Having problem with the particular equation of 2nd order non-homogeneous differential equations

Question

Given these questions to solve on 2nd order non homogeneous equation. I'm having problem of forming the particular solution of it:
$$ \frac{d^2x}{dt^2} \,+4x=289te^t\,sin2t $$
$$ 2x\ddot y\,+\,\dot y \,-\,2y=0 $$
For the first equation, I got the homogeneous equation to be: $ y_c=C_1e^{2it} \,+C_2e^{-2it}$
after forming the particular equation $$ (A+Bt) e^t \sin2t + (C+Dt) e^t\cos2t $$
I applied method of undetermined coefficient but I got incorrect answer
Any idea of forming a better solution even without using method of undetermined coefficient

Answer 1

First equation, undetermined coefficients requires to see that the right side is not in resonance with the left side, thus the standard construct applies $$ x_p(t)=(A+Bt)e^t\sin(2t)+(C+Dt)e^t\cos(2t). $$

For the second equation the power series approach is called Frobenius method.
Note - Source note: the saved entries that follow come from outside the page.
Lemma step_fun (s t t' : Seg w) : step s t -> step s t' -> t = t'.
Proof.
rewrite /step; case: (o s) => /or3P[h|h|h] /or3P[h'|h'|h'].
all: first [ exact: cont_fun h h' | exact: cont_inj h h' | exact: rcusp_fun h h'
           | exact: rcusp_inj h h' | exact: lcusp_fun h h' | exact: lcusp_inj h h' | exfalso ].
all: first [ exact: cont_rcusp_lower h h' | exact: cont_rcusp_lower h' h
           | exact: cont_rcusp_upper h h' | exact: cont_rcusp_upper h' h
           | exact: rcusp_lower_upper h h' | exact: rcusp_lower_upper h' h
           | exact: cont_lcusp_lower h h' | exact: cont_lcusp_lower h' h
           | exact: cont_lcusp_upper h h' | exact: cont_lcusp_upper h' h
           | exact: lcusp_lower_upper h h' | exact: lcusp_lower_upper h' h ].
Qed.

Lemma next_step (s : Seg w) : step s (next s).
Proof.
rewrite /next; case: pickP => [t //|no_step].
by have [t] := exists_step s; rewrite no_step.
Qed.

Lemma next_eq (s t : Seg w) : step s t -> next s = t.
Proof. exact: step_fun (next_step s). Qed.

Lemma exists_step_pre (t : Seg w) : exists s, step s t.
Proof.
rewrite /step; case ot: (o t).
  case: (exists_pre_cont_or_lcusp t) => -[s h]; exists s.
    by rewrite -(orient_cont h) ot h.
  case/orP: h => h; [have := orient_lcusp h | have := esym (orient_lcusp h)];
  by rewrite ot; case: (o s) => // _; rewrite h !orbT.
case: (exists_cont_or_rcusp t) => -[s h]; exists s.
  by rewrite (orient_cont h) ot h.
case/orP: h => h; [have := orient_rcusp h | have := esym (orient_rcusp h)];
by rewrite ot; case: (o s) => // _; rewrite h !orbT.
Qed.

Lemma next_inj : injective next.
Proof.
pose prev t := odflt t [pick s | next s == t].
have prevK : cancel prev next.
  move=> t; rewrite /prev; case: pickP => [s /eqP //|no_pre].
  by have [s /next_eq next_s] := exists_step_pre t; move: (no_pre s); rewrite next_s eqxx.
have [g prev_g g_prev] := injF_bij (can_inj prevK).
have next_g : next =1 g by move=> s; rewrite -{1}(g_prev s) prevK.
by move=> s s'; rewrite !next_g; exact: (can_inj g_prev).
Qed.

Lemma next_cont (s t : Seg w) : cont s t -> if o s then next s = t else next t = s.
Proof.
by move=> st; case os: (o s); apply: next_eq; rewrite /step ?(orient_cont st) os st ?orbT.
Qed.

Lemma next_rcusp (s t : Seg w) : rcusp s t -> if o s then next s = t else next t = s.
Proof.
by move=> st; case os: (o s); apply: next_eq; rewrite /step ?(orient_rcusp st) os st ?orbT.
Qed.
The Euler-Cauchy part of the equation is $2x^2\ddot y+x\dot y=0$, so that the indicial equation $0=2m(m-1)+m=m(2m-1)$ gives basis solutions $1$ and $\sqrt x$, the power series are thus $$ y_1(x)=\sum_ka_kx^k~~\text{ and }~~y_2(t)=\sqrt x\sum_k b_kx^k. $$ Inserting and comparing coefficients should give the coefficient recursion for both.

---

Setting $y(x)=\sum a_kx^{k+r}$ with $y'(x)=\sum (k+r)a_kx^{k+r-1}$ and $y''(x)=\sum (k+r)(k+r-1)a_kx^{k+r-2}$ gives after comparing coefficients of equal degree terms $$ 2(k+r)(k+r-1)a_k+(k+r)a_k-2a_{k-1}=0\\~\\ (k+r)(k+r-\tfrac12)a_k=a_{k-1} $$ With $a_{-1}=0$ a non-trivial $a_0$ is only obtained for $r=0$ and $r=\frac12$. Then iterate \begin{align} r&=0:& a_k&=\frac{a_{k-1}}{k(k-\frac12)}&\implies~~&a_k=\frac{2^k}{(2k)!}a_0\\ r&=\tfrac12:&a_k&=\frac{a_{k-1}}{k(k+\frac12)}&\implies~~&a_k=\frac{2^k}{(2k+1)!}a_0 \end{align} Now compare with the power series of the hyperbolic functions.